-
Notifications
You must be signed in to change notification settings - Fork 84
Incident Response Plan
The purpose of the policy is to establish the goals for the breach response process. This document is intended for compliance for the Incident response plan on the GitHub Marketplace.
This policy mandates that any individual who suspects that a theft, breach or exposure of sensitive data has occurred must immediately provide a description of what occurred via e-mail to [hamelsmu at github dot com] and [inc0 at github dot com] or by filing an issue in this repo. This team will investigate all reported thefts, data breaches, and exposures. If theft, breach or exposure has occurred, the Information Security Administrator will follow the appropriate procedure in place.
This policy applies to all whom collect, access, maintain, distribute, process, protect, store, use, transmit, dispose of data related to Issue-Label-Bot.

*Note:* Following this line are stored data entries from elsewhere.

Definition quartet_weight E p q r s : R :=
  \sum_(e <- E | splits_quartet e.1 p q r s) e.2.

Lemma planar_split_not_alternating L A p q r s :
  planar_split L A -> (p < q)%N -> (q < r)%N -> (r < s)%N ->
  p \in L -> q \in L -> r \in L -> s \in L ->
  ~~ [&& p \in A, q \notin A, r \in A & s \notin A] /\
  ~~ [&& p \notin A, q \in A, r \notin A & s \in A].
Proof.
move=> /existsPn planar pq qr rs pL qL rL sL.
move: (planar p) => /existsPn /(_ q) /existsPn /(_ r) /existsPn /(_ s).
by rewrite pq qr rs pL qL rL sL /= negb_or => /andP.
Qed.

Lemma edge_dist_quartet L e p q r s :
  planar_split L e.1 -> (p < q)%N -> (q < r)%N -> (r < s)%N ->
  p \in L -> q \in L -> r \in L -> s \in L ->
  edge_dist e p r + edge_dist e q s =
    edge_dist e p q + edge_dist e r s + (if splits_quartet e.1 p q r s then 2 * e.2 else 0) /\
  edge_dist e p r + edge_dist e q s =
    edge_dist e p s + edge_dist e q r + (if splits_quartet e.1 q r s p then 2 * e.2 else 0).
Proof.
move=> planar pq qr rs pL qL rL sL.
have [] := planar_split_not_alternating planar pq qr rs pL qL rL sL.
rewrite /edge_dist /splits_quartet.
by case: (p \in e.1); case: (q \in e.1); case: (r \in e.1); case: (s \in e.1) => //= _ _;
  split; ring.
Qed.

Lemma compatible_splits_quadrant L A B : compatible_splits L A B ->
  exists a b : bool, forall x, x \in L -> ~~ [&& (x \in A) == a & (x \in B) == b].
Proof.
have emptyP (X : {set 'I_n}) x : X == set0 -> x \notin X by move=> /eqP ->; rewrite inE.
case/or4P => /emptyP X0; [exists true, true | exists true, false
  | exists false, true | exists false, false] => x xL; move: (X0 x); rewrite !inE ?xL;
  by case: (x \in A); case: (x \in B).
Qed.

Lemma compatible_splits_quartets L A B p q r s : compatible_splits L A B ->
  p \in L -> q \in L -> r \in L -> s \in L ->
  ~~ (splits_quartet A p q r s && splits_quartet B q r s p).
Proof.
move=> /compatible_splits_quadrant [a [b empty]] pL qL rL sL.
move: (empty p pL) (empty q qL) (empty r rL) (empty s sL) => {empty}.
rewrite /splits_quartet.
by case: a; case: b; case: (p \in A); case: (q \in A); case: (r \in A); case: (s \in A);
  case: (p \in B); case: (q \in B); case: (r \in B); case: (s \in B).
Qed.

Lemma tree_metricE E lf (a b : 'I_n) : a != b ->
  tree_metric E lf a b = lf a + lf b + \sum_(e <- E) edge_dist e a b.
Proof. by rewrite /tree_metric => /negbTE ->. Qed.

Section Quartets.
Variables (L : {set 'I_n}) (E : seq ({set 'I_n} * R)) (lf : 'I_n -> R) (p q r s : 'I_n).
Hypotheses (pq : (p < q)%N) (qr : (q < r)%N) (rs : (r < s)%N).
Hypotheses (pL : p \in L) (qL : q \in L) (rL : r \in L) (sL : s \in L).

Lemma tree_metric_quartet : {in E, forall e, planar_split L e.1} ->
  let d := tree_metric E lf in
  d p r + d q s = d p q + d r s + 2 * quartet_weight E p q r s /\
  d p r + d q s = d p s + d q r + 2 * quartet_weight E q r s p.
Proof.
move=> planarE /=.
have sum_gap (x y z w : 'I_n) (P : pred ({set 'I_n} * R)) :
    {in E, forall e, edge_dist e p r + edge_dist e q s =
       edge_dist e x y + edge_dist e z w + (if P e then 2 * e.2 else 0)} ->
    \sum_(e <- E) edge_dist e p r + \sum_(e <- E) edge_dist e q s =
    \sum_(e <- E) edge_dist e x y + \sum_(e <- E) edge_dist e z w +
      2 * \sum_(e <- E | P e) e.2.
  move=> per_edge; rewrite mulr_sumr (big_mkcond P) -!big_split /=.
  by rewrite !big_seq; apply: eq_bigr => e eE; rewrite per_edge // fun_if mulr0.
have pr := ltn_trans pq qr; have qs := ltn_trans qr rs; have ps := ltn_trans pr rs.
rewrite !tree_metricE ?ord_ltn_neq //.
have := sum_gap _ _ _ _ _ (fun e eE =>
  (edge_dist_quartet (planarE e eE) pq qr rs pL qL rL sL).1).
have := sum_gap _ _ _ _ _ (fun e eE =>
  (edge_dist_quartet (planarE e eE) pq qr rs pL qL rL sL).2).
by rewrite /quartet_weight; split; lra.
Qed.

Lemma four_point_quartet_weight : {in E, forall e, planar_split L e.1} ->
  four_point (tree_metric E lf) p q r s ->
  quartet_weight E p q r s = 0 \/ quartet_weight E q r s p = 0.
Proof.
move=> /tree_metric_quartet [gapA gapB] /eq_maxrP [_ _ [] eqX];
  [left | right]; lra.
Qed.

End Quartets.

Lemma quartet_weight_ge0 E p q r s :
  {in E, forall e, 0 <= e.2} -> 0 <= quartet_weight E p q r s.
Proof.
move=> nonnegE; rewrite /quartet_weight big_seq_cond.
by apply: sumr_ge0 => e /andP [eE _]; apply: nonnegE.
Qed.

Lemma quartet_weight_ge_edge E e p q r s :
  {in E, forall e, 0 <= e.2} -> e \in E -> splits_quartet e.1 p q r s ->
  e.2 <= quartet_weight E p q r s.
Proof.
move=> + eE; case/splitPr: eE => E1 E2 nonnegE split_e.
have ge0 E' : {subset E' <= E1 ++ e :: E2} -> 0 <= quartet_weight E' p q r s.
  by move=> sub; apply: quartet_weight_ge0 => e' /sub /nonnegE.
have := ge0 E1 (fun x xE => ltac:(by rewrite mem_cat xE)).
have := ge0 E2 (fun x xE => ltac:(by rewrite mem_cat inE xE !orbT)).
by rewrite /quartet_weight big_cat big_cons /= split_e; lra.
Qed.

Lemma quartet_weight_eq0 L E p q r s :
  {in E &, forall e f, compatible_splits L e.1 f.1} ->
  p \in L -> q \in L -> r \in L -> s \in L ->
  quartet_weight E p q r s = 0 \/ quartet_weight E q r s p = 0.
Proof.
move=> compat pL qL rL sL; rewrite /quartet_weight.
have [/hasP [e eE eA] | /hasPn noA] := boolP (has (fun e => splits_quartet e.1 p q r s) E).
  right; rewrite big_seq_cond big1 // => f /andP [fE fB].
  by have /negP[] := compatible_splits_quartets (compat e f eE fE) pL qL rL sL; apply/andP.
by left; rewrite big_seq_cond big1 // => e /andP [/noA /negbTE ->].
Qed.

Lemma tree_metric_four_point L E lf p q r s : valid_diagram L E ->
  (p < q)%N -> (q < r)%N -> (r < s)%N -> p \in L -> q \in L -> r \in L -> s \in L ->
  four_point (tree_metric E lf) p q r s.
Proof.
move=> [edges compat] pq qr rs pL qL rL sL; apply/eq_maxrP.
have planarE : {in E, forall e, planar_split L e.1} by move=> e /edges [].
have nonnegE : {in E, forall e, 0 <= e.2} by move=> e /edges [].
have [gapA gapB] := tree_metric_quartet lf pq qr rs pL qL rL sL planarE.
have geA := quartet_weight_ge0 p q r s nonnegE; have geB := quartet_weight_ge0 q r s p nonnegE.
have eq0 := quartet_weight_eq0 compat pL qL rL sL.
by split; [lra | lra | case: eq0 => ?; [left | right]; lra].
Qed.

Lemma planar_diagram_metric_four_point L (d : 'I_n -> 'I_n -> R) p q r s :
  planar_diagram_metric L d ->
  (p < q)%N -> (q < r)%N -> (r < s)%N -> p \in L -> q \in L -> r \in L -> s \in L ->
  four_point d p q r s.
Proof.
move=> [E [lf [validE dE]]] pq qr rs pL qL rL sL.
have pr := ltn_trans pq qr; have qs := ltn_trans qr rs; have ps := ltn_trans pr rs.
have := tree_metric_four_point lf validE pq qr rs pL qL rL sL.
by rewrite /four_point !dE ?ord_ltn_neq.
Qed.

End TreeMetricFourPoint.

Definition mixed_diff (V : zmodType) (g : nat -> nat -> V) (i j : nat) : V :=
  (g i.+1 j.+1 - g i j.+1) - (g i.+1 j - g i j).

Lemma sum_mixed_diff (V : zmodType) (g : nat -> nat -> V) lo1 hi1 lo2 hi2 :
  (lo1 <= hi1)%N -> (lo2 <= hi2)%N ->
  \sum_(lo1 <= i < hi1) \sum_(lo2 <= j < hi2) mixed_diff g i j =
  (g hi1 hi2 - g hi1 lo2) - (g lo1 hi2 - g lo1 lo2).
Proof.
move=> le1 le2; apply: (telescope_sumr_eq (fun i => g i hi2 - g i lo2)) => // i _.
rewrite (telescope_sumr_eq (fun j => g i.+1 j - g i j)) //.
by rewrite !opprB !addrA -!(addrAC _ (g i lo2)) addrAC.
Qed.

Lemma sum_nat_mask (V : nmodType) (N lo hi : nat) (F : nat -> V) : (hi <= N)%N ->
  \sum_(lo <= j < hi) F j = \sum_(0 <= j < N) (if (lo <= j < hi)%N then F j else 0).
Proof.
move=> hiN; rewrite -big_mkcond (big_nat_widen _ _ _ _ _ hiN) (big_nat_widenl _ _ _ _ _ (leq0n lo)).
by apply: eq_bigl => j; rewrite andbC.
Qed.

Section SumPairs.
Variables (R : realType) (m : nat).
Implicit Types G : nat -> nat -> R.

Definition sum_pairs (G : nat -> nat -> R) : R := \sum_(0 <= i < m) \sum_(i.+1 <= j < m) G i j.

Definition in_arc (i j x : nat) : bool := (i < x <= j)%N.

Definition arc_separates (i j a b : nat) : bool := in_arc i j a != in_arc i j b.

Lemma sum_pairsE G : sum_pairs G =
  \sum_(0 <= i < m) \sum_(0 <= j < m) (if (i < j)%N then G i j else 0).
Proof.
rewrite /sum_pairs; apply: eq_big_nat => i /andP [_ im].
rewrite (@sum_nat_mask R _ _ _ _ (leqnn m)).
by apply: eq_big_nat => j /andP [_ jm]; rewrite jm andbT.
Qed.

Lemma sum_rectE G lo1 hi1 lo2 hi2 : (hi1 <= m)%N -> (hi2 <= m)%N ->
  \sum_(lo1 <= i < hi1) \sum_(lo2 <= j < hi2) G i j =
  \sum_(0 <= i < m) \sum_(0 <= j < m)
    (if (lo1 <= i < hi1)%N && (lo2 <= j < hi2)%N then G i j else 0).
Proof.
move=> hi1m hi2m; rewrite (@sum_nat_mask R _ _ _ _ hi1m); apply: eq_bigr => i _.
rewrite (@sum_nat_mask R _ _ _ _ hi2m); case: ifP => _; first by [].
by rewrite big1.
Qed.

Lemma sum_pairs_ext G1 G2 :
  (forall i j, (i < j < m)%N -> G1 i j = G2 i j) -> sum_pairs G1 = sum_pairs G2.
Proof.
move=> eqG; rewrite /sum_pairs; apply: eq_big_nat => i /andP [_ im].
apply: eq_big_nat => j /andP [ij jm].
by apply: eqG; rewrite ij.
Qed.

Lemma sum_pairsD G1 G2 : sum_pairs (fun i j => G1 i j + G2 i j) = sum_pairs G1 + sum_pairs G2.
Proof. by rewrite /sum_pairs -big_split; apply: eq_bigr => i _; rewrite big_split. Qed.

Lemma arc_separates_ordered i j a b : (i < j)%N -> (a < b)%N ->
  arc_separates i j a b = ((i < a) && (a <= j < b))%N || ((a <= i < b) && (b <= j))%N.
Proof.
move=> ij ab; rewrite /arc_separates /in_arc.
by case: (ltnP i a) => ia; case: (leqP a j) => aj; case: (ltnP i b) => ib;
  case: (leqP b j) => bj //=; lia.
Qed.

Lemma sum_pairs_arc_separates G a b : (a < b < m)%N ->
  sum_pairs (fun i j => if arc_separates i j a b then G i j else 0) =
  \sum_(0 <= i < a) \sum_(a <= j < b) G i j + \sum_(a <= i < b) \sum_(b <= j < m) G i j.
Proof.
move=> /andP [ab bm]; have bm' := ltnW bm; have am := ltnW (ltn_trans ab bm).
rewrite sum_pairsE (sum_rectE G 0 a am bm') (sum_rectE G a b bm' (leqnn m)).
rewrite -big_split; apply: eq_big_nat => i _; rewrite -big_split.
apply: eq_big_nat => j /andP [_ jm]; rewrite leq0n jm andbT /=.
case Ha: ((i < a) && (a <= j < b))%N; case Hb: ((a <= i < b) && (b <= j))%N;
  rewrite ?addr0 ?add0r; case: (ltnP i j) => ij //; try lia.
all: by rewrite arc_separates_ordered // Ha Hb.
Qed.

Definition trivial_arc (i j : nat) : bool := (j == i.+1) || ((i == 0) && (j == m.-1))%N.

(* The arc (i, i+1] cuts off the leaf i+1 and the arc (0, m-1] cuts off the leaf 0. *)
Definition isolated (i j x : nat) : bool := if j == i.+1 then x == j else x == 0%N.

Lemma arc_separates_trivial i j a b : (a < m)%N -> (b < m)%N -> a != b ->
  trivial_arc i j -> arc_separates i j a b = isolated i j a || isolated i j b.
Proof.
move=> am bm neq_ab; rewrite /trivial_arc /arc_separates /in_arc /isolated.
case: (eqVneq j i.+1) => [-> _ | _ /= /andP [/eqP -> /eqP ->]].
  have single x : (i < x <= i.+1)%N = (x == i.+1) by apply/idP/eqP; lia.
  rewrite !single; case: (eqVneq a i.+1) => [eq_a | _]; case: (eqVneq b i.+1) => [eq_b | _] //.
  by move: neq_ab; rewrite eq_a eq_b eqxx.
have inner x : (x < m)%N -> (0 < x <= m.-1)%N = (x != 0%N) by move=> xm; apply/idP/idP; lia.
rewrite !inner //; case: (eqVneq a 0%N) => [eq_a | _]; case: (eqVneq b 0%N) => [eq_b | _] //.
by move: neq_ab; rewrite eq_a eq_b eqxx.
Qed.

End SumPairs.

Section SplitWeights.
Variables (R : realType) (m : nat) (f : nat -> nat -> R).
Hypotheses (f_sym : forall i j, f i j = f j i) (f_diag : forall i, f i i = 0).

Issue-Label bot only operates on public GitHub repositories in order to steer clear of sensitive data. However, at any time any user can request for any reason whatsoever that any data logged by the application be removed. At that time, our administrative staff will remove all data pertaining to that user, if exists.
We will remove all data within 72 hours from request.
No user-specific authentication is stored or collected by Issue Label Bot. The only information that is stored is:
- The titles and comments of issues that occur after installing the app.
- Reactions such as 👍 and 👎 made in the issue.
This data is only logged for repositories that are public at the time the issue is opened.